_AIM OF THE EXERCISE_: Please write out exactly the lines of the data below from the line holding "Definition eval_word (w" through the line holding "[x;y;z;x;y;z] [x;y;z] [y;x;z;x]", and leave out the rest.

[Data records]

(* Let $S$ be a skew lattice that is a strong distributive solution of the Yang–Baxter equation. Then (i) the lattice $S/\mathcal{D}$ is also a strong distributive solution, and (ii) $S$ is quasi-distributive, i.e. $S/\mathcal{D}$ is a distributive lattice.
   Context: A skew lattice is a set $S$ with two binary operations $\wedge,\vee$, each idempotent and associative, satisfying the absorption laws $x\wedge(x\vee y)=x=x\vee(x\wedge y)$ and $(x\wedge y)\vee y=y=(x\vee y)\wedge y$ for all $x,y\in S$. On a skew lattice, $x\,\mathcal{D}\,y$ means $x\wedge y\wedge x=x$ and $y\wedge x\wedge y=y$; $\mathcal{D}$ is a congruence and $S/\mathcal{D}$ is a lattice (the maximal lattice image). A map $r:X\times X\to X\times X$ is a set-theoretic solution of the Yang–Baxter equation if $(r\times\mathrm{id})\circ(\mathrm{id}\times r)\circ(r\times\mathrm{id})=(\mathrm{id}\times r)\circ(r\times\mathrm{id})\circ(\mathrm{id}\times r)$. A skew lattice $S$ is a strong distributive solution if the map $r(x,y)=(x\wedge y,x\vee y)$ on $S\times S$ is a set-theoretic solution of the Yang–Baxter equation. *)

Set Implicit Arguments.

Record skew_lattice (S : Type) (meet join : S -> S -> S) : Prop := {
  sl_meet_idem : forall x, meet x x = x;
  sl_join_idem : forall x, join x x = x;
  sl_meet_assoc : forall x y z, meet x (meet y z) = meet (meet x y) z;
  sl_join_assoc : forall x y z, join x (join y z) = join (join x y) z;
  sl_abs1 : forall x y, meet x (join x y) = x;
  sl_abs2 : forall x y, join x (meet x y) = x;
  sl_abs3 : forall x y, join (meet x y) y = y;
  sl_abs4 : forall x y, meet (join x y) y = y
}.

Definition r12 {X} (r : X * X -> X * X) (t : X * X * X) : X * X * X :=
  let '(a, b, c) := t in let '(a', b') := r (a, b) in (a', b', c).
Definition r23 {X} (r : X * X -> X * X) (t : X * X * X) : X * X * X :=
  let '(a, b, c) := t in let '(b', c') := r (b, c) in (a, b', c').

Definition is_YBE_solution {X} (r : X * X -> X * X) : Prop :=
  forall t, r12 r (r23 r (r12 r t)) = r23 r (r12 r (r23 r t)).

Definition skew_r {S} (meet join : S -> S -> S) (p : S * S) : S * S :=
  (meet (fst p) (snd p), join (fst p) (snd p)).

Definition strong_distributive_solution {S} (meet join : S -> S -> S) : Prop :=
  is_YBE_solution (skew_r meet join).

Definition skewD {S} (meet : S -> S -> S) (x y : S) : Prop :=
  meet (meet x y) x = x /\ meet (meet y x) y = y.

(* The quotient S/D is represented by S with equality replaced by D
   (D is a congruence, so the induced operations are well defined).
   Componentwise D-equivalence of triples: *)
Definition D3 {S} (meet : S -> S -> S) (t u : S * S * S) : Prop :=
  let '(a, b, c) := t in let '(a', b', c') := u in
  skewD meet a a' /\ skewD meet b b' /\ skewD meet c c'.

Definition quotient_strong_distributive_solution {S} (meet join : S -> S -> S)
  : Prop :=
  forall t, D3 meet (r12 (skew_r meet join) (r23 (skew_r meet join)
                          (r12 (skew_r meet join) t)))
                    (r23 (skew_r meet join) (r12 (skew_r meet join)
                          (r23 (skew_r meet join) t))).

Definition quasi_distributive {S} (meet join : S -> S -> S) : Prop :=
  forall x y z, skewD meet (meet x (join y z)) (join (meet x y) (meet x z)).

From Stdlib Require Import List.
Import ListNotations.
Set Implicit Arguments.

(* In a band (idempotent semigroup) write x <= y for x y x = x;
   this is a preorder whose kernel is Green's relation D, and in a skew
   lattice it is the order of the lattice S/D: meets are greatest lower
   bounds and joins are least upper bounds.

   (i) D is reflexive, so an equation of triples holding in S holds up to D.
   (ii) Comparing middle components of the two sides of the Yang-Baxter
   equation for r(x,y) = (x /\ y, x \/ y) on (a,b,c) gives
       (a /\ b) \/ ((a \/ b) /\ c) = (a \/ (b /\ c)) /\ (b \/ c),
   hence the modular-type inequality (a \/ b) /\ c <= a \/ (b /\ c).  In a
   lattice this inequality forces distributivity, i.e. S/D is distributive. *)

Section Band.

Variables (S : Type) (op : S -> S -> S).
Hypothesis op_assoc : forall x y z, op x (op y z) = op (op x y) z.
Hypothesis op_idem : forall x, op x x = x.

Definition band_le (x y : S) : Prop := op (op x y) x = x.

(* Words over S are evaluated in the free-monoid completion option S, so that
   associativity becomes list concatenation and equal subwords can be
   replaced inside any context. *)
Definition opt_op (a b : option S) : option S :=
  match a, b with
  | None, _ => b
  | _, None => a
  | Some x, Some y => Some (op x y)
  end.

Definition eval_word (w : list S) : option S :=
  fold_right (fun x acc => opt_op (Some x) acc) None w.

Lemma opt_op_assoc a b c : opt_op a (opt_op b c) = opt_op (opt_op a b) c.
Proof. destruct a, b, c; simpl; try reflexivity; now rewrite op_assoc. Qed.

Lemma eval_word_app u v : eval_word (u ++ v) = opt_op (eval_word u) (eval_word v).
Proof.
  induction u as [|x u IH].
  - simpl. now destruct (eval_word v).
  - change (opt_op (Some x) (eval_word (u ++ v))
            = opt_op (opt_op (Some x) (eval_word u)) (eval_word v)).
    rewrite IH. apply opt_op_assoc.
Qed.

Lemma eval_word_congr p u v s :
  eval_word u = eval_word v -> eval_word (p ++ u ++ s) = eval_word (p ++ v ++ s).
Proof. intro E. rewrite !eval_word_app. now rewrite E. Qed.

Lemma eval_word_square u : eval_word (u ++ u) = eval_word u.
Proof.
  rewrite eval_word_app. destruct (eval_word u) as [x|]; simpl; [now rewrite op_idem|easy].
Qed.

Lemma band_le_word x y : band_le x y <-> eval_word [x; y; x] = eval_word [x].
Proof.
  unfold band_le; simpl. rewrite op_assoc. split; [congruence|now injection 1].
Qed.

Lemma band_le_trans x y z : band_le x y -> band_le y z -> band_le x z.
Proof.
  rewrite !band_le_word. intros Exy Eyz.
  pose proof eval_word_congr as C. pose proof eval_word_square as Q.
  transitivity (eval_word [x;y;x;z;x]). { symmetry; exact (C [] _ _ [z;x] Exy). }
  transitivity (eval_word [x;y;z;y;x;z;x]). { symmetry; exact (C [x] _ _ [x;z;x] Eyz). }
  transitivity (eval_word [x;y;z;x;y;z;y;x;z;x]).
  { symmetry; exact (C [] [x;y;z;x;y;z] [x;y;z] [y;x;z;x] (Q [x;y;z])). }
  transitivity (eval_word [x;y;z;x;y;x;z;x]). { exact (C [x;y;z;x] _ _ [x;z;x] Eyz). }
  transitivity (eval_word [x;y;z;x;y;x;z;x;y;x]). { symmetry; exact (C [x;y;z;x;y;x;z] _ _ [] Exy). }
  transitivity (eval_word [x;y;z;x;y;x]).
  { exact (C [x;y] [z;x;y;x;z;x;y;x] [z;x;y;x] [] (Q [z;x;y;x])). }
  transitivity (eval_word [x;y;z;x;y;z;y;x]). { symmetry; exact (C [x;y;z;x] _ _ [x] Eyz). }
  transitivity (eval_word [x;y;z;y;x]).
  { exact (C [] [x;y;z;x;y;z] [x;y;z] [y;x] (Q [x;y;z])). }
  transitivity (eval_word [x;y;x]). { exact (C [x] _ _ [x] Eyz). }
  exact Exy.
Qed.

Lemma band_le_glb x y z : band_le z x -> band_le z y -> band_le z (op x y).
Proof.
  intros Hx Hy.
  assert (Ezxyz : eval_word [z;x;y;z] = eval_word [z]).
  { apply band_le_word in Hx, Hy.
    pose proof eval_word_congr as C. pose proof eval_word_square as Q.
    transitivity (eval_word [z;x;y;z;x;z]). { symmetry; exact (C [z;x;y] _ _ [] Hx). }
    transitivity (eval_word [z;y;z;x;y;z;x;z]). { symmetry; exact (C [] _ _ [x;y;z;x;z] Hy). }
    transitivity (eval_word [z;y;z;x;z]).
    { exact (C [z] [y;z;x;y;z;x] [y;z;x] [z] (Q [y;z;x])). }
    transitivity (eval_word [z;y;z]). { exact (C [z;y] _ _ [] Hx). }
    exact Hy. }
  simpl in Ezxyz. unfold band_le. rewrite <- !op_assoc. congruence.
Qed.

Lemma band_le_op_l x y : band_le (op x y) x.
Proof.
  unfold band_le. now rewrite <- !op_assoc, (op_assoc x x y), op_idem,
    (op_assoc x y (op x y)), op_idem.
Qed.

Lemma band_le_op_r x y : band_le (op x y) y.
Proof. unfold band_le. now rewrite <- (op_assoc x y y), !op_idem. Qed.

End Band.

Lemma skew_le_reverse (S : Type) (meet join : S -> S -> S) x y :
  skew_lattice meet join -> band_le meet y x -> band_le join x y.
Proof.
  intros [mi ji ma ja a1 a2 a3 a4]. unfold band_le. intro Hy.
  assert (E : join y (meet x y) = meet x y).
  { rewrite <- Hy at 1. rewrite <- ma. apply a3. }
  assert (Ex : x = join x (join y (meet x y))) by (rewrite E; now rewrite a2).
  rewrite Ex at 2. rewrite (ja x y (meet x y)), ja, ji, <- ja. congruence.
Qed.

Lemma skew_lattice_dual (S : Type) (meet join : S -> S -> S) :
  skew_lattice meet join -> skew_lattice join meet.
Proof. intros []; constructor; auto. Qed.

Section SkewLatticeOrder.

Variables (S : Type) (meet join : S -> S -> S).
Hypothesis SL : skew_lattice meet join.

Local Notation "x <= y" := (band_le meet x y).

Lemma sl_le_trans x y z : x <= y -> y <= z -> x <= z.
Proof. apply band_le_trans; apply SL. Qed.

Lemma sl_meet_lb_l x y : meet x y <= x.
Proof. apply band_le_op_l; apply SL. Qed.

Lemma sl_meet_lb_r x y : meet x y <= y.
Proof. apply band_le_op_r; apply SL. Qed.

Lemma sl_meet_glb x y z : z <= x -> z <= y -> z <= meet x y.
Proof. apply band_le_glb; apply SL. Qed.

Lemma sl_join_ub_l x y : x <= join x y.
Proof.
  apply (skew_le_reverse (skew_lattice_dual SL)).
  apply band_le_op_l; apply SL.
Qed.

Lemma sl_join_ub_r x y : y <= join x y.
Proof.
  apply (skew_le_reverse (skew_lattice_dual SL)).
  apply band_le_op_r; apply SL.
Qed.

Lemma sl_join_lub x y z : x <= z -> y <= z -> join x y <= z.
Proof.
  intros Hx Hy. apply (skew_le_reverse (skew_lattice_dual SL)).
  apply band_le_glb; try apply SL; now apply (skew_le_reverse SL).
Qed.

End SkewLatticeOrder.

Lemma skewD_refl (S : Type) (meet : S -> S -> S) :
  (forall x, meet x x = x) -> forall x, skewD meet x x.
Proof. intros mi x. unfold skewD. now rewrite !mi. Qed.

Lemma quotient_solution_of_solution (S : Type) (meet join : S -> S -> S) :
  skew_lattice meet join -> strong_distributive_solution meet join ->
  quotient_strong_distributive_solution meet join.
Proof.
  intros SL YBE t. rewrite (YBE t).
  destruct (r23 _ _) as [[a b] c]. simpl.
  pose proof (skewD_refl _ (sl_meet_idem SL)) as refl. auto.
Qed.

Lemma ybe_middle_identity (S : Type) (meet join : S -> S -> S) a b c :
  strong_distributive_solution meet join ->
  join (meet a b) (meet (join a b) c) = meet (join a (meet b c)) (join b c).
Proof.
  intro YBE. specialize (YBE (a, b, c)).
  unfold r12, r23, skew_r in YBE; simpl in YBE. congruence.
Qed.

Lemma ybe_modular_inequality (S : Type) (meet join : S -> S -> S) a b c :
  skew_lattice meet join -> strong_distributive_solution meet join ->
  band_le meet (meet (join a b) c) (join a (meet b c)).
Proof.
  intros SL YBE.
  apply (sl_le_trans SL) with (y := join (meet a b) (meet (join a b) c)).
  - apply (sl_join_ub_r SL).
  - rewrite (ybe_middle_identity a b c YBE). apply (sl_meet_lb_l SL).
Qed.

Section DistributivityCriterion.

Variables (S : Type) (meet join : S -> S -> S).
Hypothesis SL : skew_lattice meet join.
Hypothesis modular_ineq :
  forall a b c, band_le meet (meet (join a b) c) (join a (meet b c)).

Local Notation "x <= y" := (band_le meet x y).

Let trans := sl_le_trans SL.
Let lb_l := sl_meet_lb_l SL.
Let lb_r := sl_meet_lb_r SL.
Let glb := sl_meet_glb SL.
Let ub_l := sl_join_ub_l SL.
Let ub_r := sl_join_ub_r SL.
Let lub := sl_join_lub SL.

Lemma meet_join_le_join_meet x y z :
  meet x (join y z) <= join (meet x y) (meet x z).
Proof.
  (* Chain: x(y+z) <= (y + zx)x <= (zx + y)x <= zx + yx <= xy + xz. *)
  assert (into_modular : meet x (join y z) <= meet (join y (meet z x)) x).
  { apply glb; [|apply lb_l]. apply trans with (meet (join y z) x).
    - apply glb; [apply lb_r|apply lb_l].
    - apply modular_ineq. }
  assert (swap_join : meet (join y (meet z x)) x <= meet (join (meet z x) y) x).
  { apply glb; [|apply lb_r]. apply trans with (join y (meet z x)); [apply lb_l|].
    apply lub; [apply ub_r|apply ub_l]. }
  assert (reorder_meets : join (meet z x) (meet y x) <= join (meet x y) (meet x z)).
  { apply lub.
    - apply trans with (meet x z); [apply glb; [apply lb_r|apply lb_l]|apply ub_r].
    - apply trans with (meet x y); [apply glb; [apply lb_r|apply lb_l]|apply ub_l]. }
  apply (trans into_modular), (trans swap_join), (trans (modular_ineq _ _ _)), reorder_meets.
Qed.

Lemma join_meet_le_meet_join x y z :
  join (meet x y) (meet x z) <= meet x (join y z).
Proof.
  apply lub; apply glb.
  - apply lb_l.
  - apply trans with y; [apply lb_r|apply ub_l].
  - apply lb_l.
  - apply trans with z; [apply lb_r|apply ub_r].
Qed.

Lemma quasi_distributive_of_modular_inequality : quasi_distributive meet join.
Proof.
  intros x y z. split.
  - apply meet_join_le_join_meet.
  - apply join_meet_le_meet_join.
Qed.

End DistributivityCriterion.

Theorem mainTheorem5 (S : Type) (meet join : S -> S -> S) :
  skew_lattice meet join ->
  strong_distributive_solution meet join ->
  quotient_strong_distributive_solution meet join /\ quasi_distributive meet join.
Proof.
  intros SL YBE. split.
  - exact (quotient_solution_of_solution SL YBE).
  - apply (quasi_distributive_of_modular_inequality SL).
    intros a b c. exact (ybe_modular_inequality a b c SL YBE).
Qed.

_ANSWER TO THE PROBLEM_:
Definition eval_word (w : list S) : option S :=
  fold_right (fun x acc => opt_op (Some x) acc) None w.

Lemma opt_op_assoc a b c : opt_op a (opt_op b c) = opt_op (opt_op a b) c.
Proof. destruct a, b, c; simpl; try reflexivity; now rewrite op_assoc. Qed.

Lemma eval_word_app u v : eval_word (u ++ v) = opt_op (eval_word u) (eval_word v).
Proof.
  induction u as [|x u IH].
  - simpl. now destruct (eval_word v).
  - change (opt_op (Some x) (eval_word (u ++ v))
            = opt_op (opt_op (Some x) (eval_word u)) (eval_word v)).
    rewrite IH. apply opt_op_assoc.
Qed.

Lemma eval_word_congr p u v s :
  eval_word u = eval_word v -> eval_word (p ++ u ++ s) = eval_word (p ++ v ++ s).
Proof. intro E. rewrite !eval_word_app. now rewrite E. Qed.

Lemma eval_word_square u : eval_word (u ++ u) = eval_word u.
Proof.
  rewrite eval_word_app. destruct (eval_word u) as [x|]; simpl; [now rewrite op_idem|easy].
Qed.

Lemma band_le_word x y : band_le x y <-> eval_word [x; y; x] = eval_word [x].
Proof.
  unfold band_le; simpl. rewrite op_assoc. split; [congruence|now injection 1].
Qed.

Lemma band_le_trans x y z : band_le x y -> band_le y z -> band_le x z.
Proof.
  rewrite !band_le_word. intros Exy Eyz.
  pose proof eval_word_congr as C. pose proof eval_word_square as Q.
  transitivity (eval_word [x;y;x;z;x]). { symmetry; exact (C [] _ _ [z;x] Exy). }
  transitivity (eval_word [x;y;z;y;x;z;x]). { symmetry; exact (C [x] _ _ [x;z;x] Eyz). }
  transitivity (eval_word [x;y;z;x;y;z;y;x;z;x]).
  { symmetry; exact (C [] [x;y;z;x;y;z] [x;y;z] [y;x;z;x] (Q [x;y;z])). }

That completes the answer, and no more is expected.